Шрифт:
Интервал:
Закладка:
Чтоб растерянной панне дать немного освоиться, Прудивус приблизился к ней и стал разглядывать страшноватую таки хозяйку, как, бывает, разглядывают лошадь на ярмарке, намереваясь ее купить.
Взяв панну Смерть за подбородок, Климко осмотрел ее зубы.
Панна и не шевельнулась, как неживая.
Климко ткнул пальцем в остекленевшие глаза, но панна и не моргнула, не мигнула, не сверкнула, не кивнула, словно была то кукла.
Прудивус постукал ее по руке пониже плеча, но и звук раздался такой, будто лицедей ударил по сухому дереву пли по кости, а не по телу живого существа.
— Что с тобой, прелестная панночка? — спросил у Смерти Клим.

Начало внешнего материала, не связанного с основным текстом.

(* Let $i\geq1$, let $T$ be an SSRT of partition shape $\lambda$ such that $\lambda$ has an addable node in column $i+1$, and let $f_{i+1}(T)=T_{(r,i)}$. Define $T'$ by $T'_{(p,q)}=T_{(p,q)}$ if $q\neq i$; $T'_{(p,i)}=T_{(p,i)}$ if $p<r$; and $T'_{(p,i)}=T_{(p+1,i)}$ if $p\geq r$ (for those $p$ with $(p+1,i)\in\lambda$). Then $T'$ is an SSRT.
   Context: SSRTs (French convention: rows numbered bottom to top, $(p,q)$ = row $p$, column $q$): fillings of a partition shape with positive integers weakly decreasing along rows left to right and strictly decreasing along columns bottom to top. With $T_{(p,q)}=0$ for $(p,q)\notin\lambda$ and $T_{(0,q)}=\infty$, $f_{i+1}(T)$ is the entry $T_{(r,i)}$ where $r$ is the largest integer with $(r,i)\in\lambda$ and $T_{(r,i)}<T_{(r-1,i+1)}$; this is the first entry that moves horizontally in the backward jeu de taquin slide started at the addable node in column $i+1$ (at each step the empty box at $(p,q)$ is filled from whichever of $(p-1,q)$, $(p,q-1)$ holds the smaller entry, ties going to $(p-1,q)$). Thus $T'$ is obtained by removing $T_{(r,i)}$ and sliding the entries above it in column $i$ down one row. *)

From mathcomp Require Import all_boot.
Set Implicit Arguments. Unset Strict Implicit. Unset Printing Implicit Defensive.

(* Partitions: lambda = [:: lambda_1; lambda_2; ...] (row lengths, row 1 is the
   bottom row in French convention), weakly decreasing, positive parts. *)
Definition is_partition (lam : seq nat) : bool :=
  sorted geq lam && all (fun x => 0 < x) lam.

(* (p,q) in lambda : row p (bottom to top, from 1), column q (from 1). *)
Definition in_shape (lam : seq nat) (p q : nat) : bool :=
  [&& 0 < p, p <= size lam, 0 < q & q <= nth 0 lam p.-1].

Definition addable (lam : seq nat) (p q : nat) : bool :=
  [&& 0 < p, 0 < q, ~~ in_shape lam p q,
      (p == 1) || in_shape lam p.-1 q & (q == 1) || in_shape lam p q.-1].

(* A filling is a function row -> column -> entry; T(p,q) = 0 off the shape. *)
Definition filling := nat -> nat -> nat.

Definition is_SSRT (lam : seq nat) (T : filling) : Prop :=
  [/\ is_partition lam,
      (forall p q, in_shape lam p q -> 0 < T p q),
      (forall p q, ~~ in_shape lam p q -> T p q = 0),
      (forall p q, in_shape lam p q -> in_shape lam p q.+1 -> T p q.+1 <= T p q)
    & (forall p q, in_shape lam p q -> in_shape lam p.+1 q -> T p.+1 q < T p q)].

(* T_(r,i) < T_(r-1,i+1), with the convention T_(0,q) = infinity. *)
Definition lt_above (T : filling) (r i : nat) : bool :=
  (r == 1) || (T r i < T r.-1 i.+1).

(* r is the row such that f_{i+1}(T) = T_(r,i): the largest r with
   (r,i) in lambda and T_(r,i) < T_(r-1,i+1). *)
Definition f_row (lam : seq nat) (T : filling) (i r : nat) : Prop :=
  [/\ in_shape lam r i, lt_above T r i &
      forall r', r < r' -> in_shape lam r' i -> ~~ lt_above T r' i].

Definition remove_slide (T : filling) (i r : nat) : filling :=
  fun p q => if (q == i) && (r <= p) then T p.+1 i else T p q.

(* Column [i] ends in a row [h] of length exactly [i] (the addable node of
   column [i+1] lies beside column [i]), so [(h, i)] is a removable corner and
   removing it leaves a partition.  Sliding the entries of column [i] above row
   [r] down by one keeps the column strictly decreasing, and each moved entry
   is at most its new left neighbour by column strictness.  It is at least its
   new right neighbour precisely because [r] is the last row of column [i] with
   [T (r, i) < T (r - 1, i + 1)]. *)

From mathcomp Require Import all_boot zify.

Set Implicit Arguments.
Unset Strict Implicit.
Unset Printing Implicit Defensive.

Lemma in_shape_nth lam p q :
  in_shape lam p q = [&& 0 < p, 0 < q & q <= nth 0 lam p.-1].
Proof.
rewrite /in_shape; case: p => [|p] //=; case: (ltnP 0 q) => q0 /=; rewrite ?andbF //.
by case: ltnP => //= lep; rewrite nth_default // leqNgt q0.
Qed.

(* Removes the last cell of row [h] (rows counted from 1), dropping the row
   when it had a single cell. *)
Definition remove_corner (lam : seq nat) (h : nat) : seq nat :=
  mkseq (fun k => if k == h.-1 then (nth 0 lam k).-1 else nth 0 lam k)
        (size lam - (nth 0 lam h.-1 == 1)).

Section Partitions.

Variable lam : seq nat.
Hypothesis lam_part : is_partition lam.

Lemma partition_nth_le a b : a <= b -> nth 0 lam b <= nth 0 lam a.
Proof.
move=> le_ab; case: (ltnP b (size lam)) => [lt_b|ge_b]; last by rewrite nth_default.
case/andP: lam_part => sorted_lam _.
apply: (sorted_leq_nth (rev_trans leq_trans) leqnn) => //; rewrite inE //.
exact: leq_ltn_trans lt_b.
Qed.

Lemma partition_nth_gt0 k : (0 < nth 0 lam k) = (k < size lam).
Proof.
case: (ltnP k (size lam)) => [lt_k|ge_k]; last by rewrite nth_default.
by case/andP: lam_part => _ /all_nthP; apply.
Qed.

Lemma exists_corner_row p q :
  in_shape lam p q -> ~~ in_shape lam p q.+1 ->
  exists2 h, nth 0 lam h.-1 = q & nth 0 lam h < q.
Proof.
move=> in_pq out_pq.
have bounded k : in_shape lam k q -> k <= size lam by case/and4P.
have [h in_hq max_h] := ex_maxnP (ex_intro _ p in_pq) bounded.
have le_ph := max_h p in_pq.
move: in_pq out_pq in_hq; rewrite !in_shape_nth /= => /and3P[p0 q0 _] out /and3P[h0 _ le_qh].
exists h.
  have le_nth : nth 0 lam h.-1 <= nth 0 lam p.-1 by apply: partition_nth_le; lia.
  by move: out; rewrite p0 /=; lia.
rewrite ltnNge; apply/negP => le_q.
by have := max_h h.+1; rewrite in_shape_nth /= q0 le_q /=; lia.
Qed.

(* Row [h + 1] is shorter than row [h]; as [nth] returns [0] past the end,
   this includes the case where [h] is the top row. *)
Variable h : nat.
Hypothesis corner : nth 0 lam h < nth 0 lam h.-1.

Lemma corner_row_gt0 : 0 < h.
Proof. by apply: contraLR corner; rewrite -leqNgt leqn0 => /eqP ->; rewrite ltnn. Qed.

Lemma corner_row_le_size : h <= size lam.
Proof.
by rewrite -(prednK corner_row_gt0) -partition_nth_gt0 (leq_ltn_trans _ corner).
Qed.

Lemma in_shape_corner_col p : in_shape lam p (nth 0 lam h.-1) = (0 < p <= h).
Proof.
rewrite in_shape_nth (leq_ltn_trans _ corner) //=.
case: (ltnP 0 p) => //= p0; apply/idP/idP => [le_c|le_ph].
  rewrite leqNgt; apply/negP => lt_hp.
  have le_hp : h <= p.-1 by lia.
  by move: (leq_ltn_trans (partition_nth_le le_hp) corner); rewrite ltnNge le_c.
by apply: partition_nth_le; lia.
Qed.

Lemma corner_row_last : nth 0 lam h.-1 = 1 -> h = size lam.
Proof.
move=> row1; apply/eqP; rewrite eqn_leq corner_row_le_size leqNgt -partition_nth_gt0.
by move: corner; rewrite row1; lia.
Qed.

Lemma nth_remove_corner k :
  nth 0 (remove_corner lam h) k = if k == h.-1 then (nth 0 lam k).-1 else nth 0 lam k.
Proof.
rewrite /remove_corner; case: (ltnP k (size lam - (nth 0 lam h.-1 == 1))) => [lt_k|ge_k].
  by rewrite nth_mkseq.
rewrite nth_default ?size_mkseq //.
case: (ltnP k (size lam)) => [lt_k|ge_k']; last by rewrite nth_default ?if_same.
have row1 : nth 0 lam h.-1 = 1 by move: ge_k; case: eqP => //; lia.
have k_eq : k = h.-1 by rewrite (corner_row_last row1); move: ge_k; rewrite row1 eqxx; lia.
by rewrite k_eq eqxx row1.
Qed.

Lemma in_shape_remove_corner p q :
  in_shape (remove_corner lam h) p q =
  in_shape lam p q && ~~ ((p == h) && (q == nth 0 lam h.-1)).
Proof.
rewrite !in_shape_nth nth_remove_corner.
case: (ltnP 0 p) => p0 //=; case: (ltnP 0 q) => q0 //=.
case: (eqVneq p h) => [->|ne_ph] /=; first by rewrite eqxx; lia.
by rewrite andbT (_ : p.-1 == h.-1 = false) //; apply/eqP; have := corner_row_gt0; lia.
Qed.

Lemma remove_corner_partition : is_partition (remove_corner lam h).
Proof.
apply/andP; split.
  apply/(sortedP 0) => k _; rewrite /= !nth_remove_corner.
  have corner' : nth 0 lam (h.-1).+1 < nth 0 lam h.-1 by rewrite prednK ?corner_row_gt0.
  move: corner' (partition_nth_le (leqnSn k)).
  by case: eqP => [<-|_]; case: eqP => [<-|_]; lia.
apply/(all_nthP 0) => k; rewrite size_mkseq nth_remove_corner /=.
case: (eqVneq k h.-1) => [->|_] lt_k; last by rewrite partition_nth_gt0; lia.
case: (eqVneq (nth 0 lam h.-1) 1) => [row1|ne1]; last by move: corner; lia.
move: lt_k; rewrite row1 eqxx -(corner_row_last row1).
by have := corner_row_gt0; lia.
Qed.

End Partitions.

Section RemoveSlide.

Variables (lam : seq nat) (T : filling) (h i r : nat).
Hypothesis T_SSRT : is_SSRT lam T.
Hypothesis row_h : nth 0 lam h.-1 = i.
Hypothesis corner : nth 0 lam h < i.
Hypothesis r_gt0 : 0 < r.
Hypothesis r_le_h : r <= h.
Hypothesis slide_le : forall p, r <= p < h -> T p i.+1 <= T p.+1 i.

Let in_col p : in_shape lam p i = (0 < p <= h).
Proof.
case: T_SSRT => lam_part _ _ _ _.
by rewrite -{1}row_h in_shape_corner_col // row_h.
Qed.

Let in_shape_mu p q :
  in_shape (remove_corner lam h) p q = in_shape lam p q && ~~ ((p == h) && (q == i)).
Proof. by case: T_SSRT => lam_part _ _ _ _; rewrite in_shape_remove_corner ?row_h. Qed.

Lemma remove_slide_gt0 p q :
  in_shape (remove_corner lam h) p q -> 0 < remove_slide T i r p q.
Proof.
case: T_SSRT => _ T_pos _ _ _; rewrite in_shape_mu /remove_slide.
case: (eqVneq q i) => [->|_] /andP[in_lam not_corner] /=; last exact: T_pos.
case: (leqP r p) => _; apply: T_pos; move: in_lam not_corner; rewrite !in_col andbT; lia.
Qed.

Lemma remove_slide_eq0 p q :
  ~~ in_shape (remove_corner lam h) p q -> remove_slide T i r p q = 0.
Proof.
case: T_SSRT => _ _ T_zero _ _; rewrite in_shape_mu /remove_slide.
case: (eqVneq q i) => [->|_] /=; rewrite ?andbF /= ?andbT; last exact: T_zero.
by rewrite in_col => out; case: (leqP r p) => ?; apply: T_zero; rewrite in_col; lia.
Qed.

Lemma remove_slide_row p q :
  in_shape (remove_corner lam h) p q -> in_shape (remove_corner lam h) p q.+1 ->
  remove_slide T i r p q.+1 <= remove_slide T i r p q.
Proof.
case: T_SSRT => _ _ _ T_row T_col; have T_row_pq := T_row p q.
rewrite !in_shape_mu /remove_slide; case: (eqVneq q i) => [->|_].
  rewrite (gtn_eqF (ltnSn i)) !andbT => /andP[in_pi p_ne] /andP[in_row _] /=.
  case: (leqP r p) => [le_rp|_]; last exact: T_row.
  by apply: slide_le; move: in_pi p_ne; rewrite in_col; lia.
case: (eqVneq q.+1 i) => [e|_] /=; last by move=> /andP[+ _] /andP[+ _]; exact: T_row.
move: T_row_pq; rewrite e in_col andbT => T_row_pq /andP[in_pq _] p_col.
have T_col_p := T_col p i; rewrite !in_col in T_col_p.
have T_row_le := T_row_pq in_pq.
by case: (leqP r p) => ?; lia.
Qed.

Lemma remove_slide_col p q :
  in_shape (remove_corner lam h) p q -> in_shape (remove_corner lam h) p.+1 q ->
  remove_slide T i r p.+1 q < remove_slide T i r p q.
Proof.
case: T_SSRT => _ _ _ _ T_col; rewrite !in_shape_mu /remove_slide.
case: (eqVneq q i) => [->|_] /=; last by move=> /andP[+ _] /andP[+ _]; exact: T_col.
have T_col_p := T_col p i; have T_col_p1 := T_col p.+1 i.
rewrite !in_col !andbT in T_col_p T_col_p1 *.
by move=> col_p col_p1; case: (leqP r p) => ?; case: (leqP r p.+1) => ?; lia.
Qed.

Lemma remove_slide_SSRT : is_SSRT (remove_corner lam h) (remove_slide T i r).
Proof.
split; [|exact: remove_slide_gt0|exact: remove_slide_eq0|exact: remove_slide_row|
        exact: remove_slide_col].
by case: T_SSRT => lam_part _ _ _ _; apply: remove_corner_partition => //; rewrite row_h.
Qed.

End RemoveSlide.

Theorem lemma6p1 (lam : seq nat) (T : filling) (i r : nat) :
  1 <= i ->
  is_SSRT lam T ->
  (exists p, addable lam p i.+1) ->
  f_row lam T i r ->
  exists mu : seq nat, is_SSRT mu (remove_slide T i r).
Proof.
move=> i_gt0 T_SSRT [p addable_p] [in_ri _ r_max].
have lam_part : is_partition lam by case: T_SSRT.
have [in_pi out_pi] : in_shape lam p i /\ ~~ in_shape lam p i.+1.
  by case/and5P: addable_p => _ _ out _; rewrite eqSS gtn_eqF.
have [h row_h corner] := exists_corner_row lam_part in_pi out_pi.
have in_col k : in_shape lam k i = (0 < k <= h).
  by rewrite -{1}row_h in_shape_corner_col // row_h.
have /andP[r_gt0 r_le_h] : 0 < r <= h by rewrite -in_col.
exists (remove_corner lam h); apply: (remove_slide_SSRT T_SSRT row_h corner r_gt0 r_le_h).
move=> k /andP[le_rk lt_kh]; have := r_max k.+1 le_rk.
by rewrite in_col lt_kh /lt_above negb_or -leqNgt => /(_ isT) /andP[].
Qed.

— Окоченела! — еле пробормотала Смерть и добавила: — Взгляни на меня ласково, и я оттаю.
Прудивус посмотрел ласково, и все расхохотались.
— Теплее. С любовью!
И Прудивус взглянул теплее:
— Люблю тебя, как горчица мед!
А зрители от смеха уже плакали.
— Погляди горячей! — попросила панна. — Со страстью!
Климко-Прудивус взглянул горячее, со страстью, и все это было так смешно, что мирославцы не могли прийти в себя от хохота, ибо панна Смерть и впрямь-таки оттаяла, согрелась и вернулась к своим обязанностям, то есть опять кинулась с косой на Пампушку, а Данило Пришейкобылехвост, дабы к пану обозному подслужиться и отвлечь от него внимание вертуна, представлявшего Смерть, вдруг вспомнил о ходе комедии и быстро позвал:
— Панна Смерть, я ж — вот он, туточки!
И панна Смерть, зная законы божеские и сценические, кои не дозволяют приостанавливать действие, ибо иначе — смерть всему живому! — бросилась хватать разом обоих Стецьков, сиречь Данила и пана Кучу.
Бог знает какая сумятица поднялась там опять — на помосте и в беспредельном зале, ибо люди уже теряли от смеха последние силы.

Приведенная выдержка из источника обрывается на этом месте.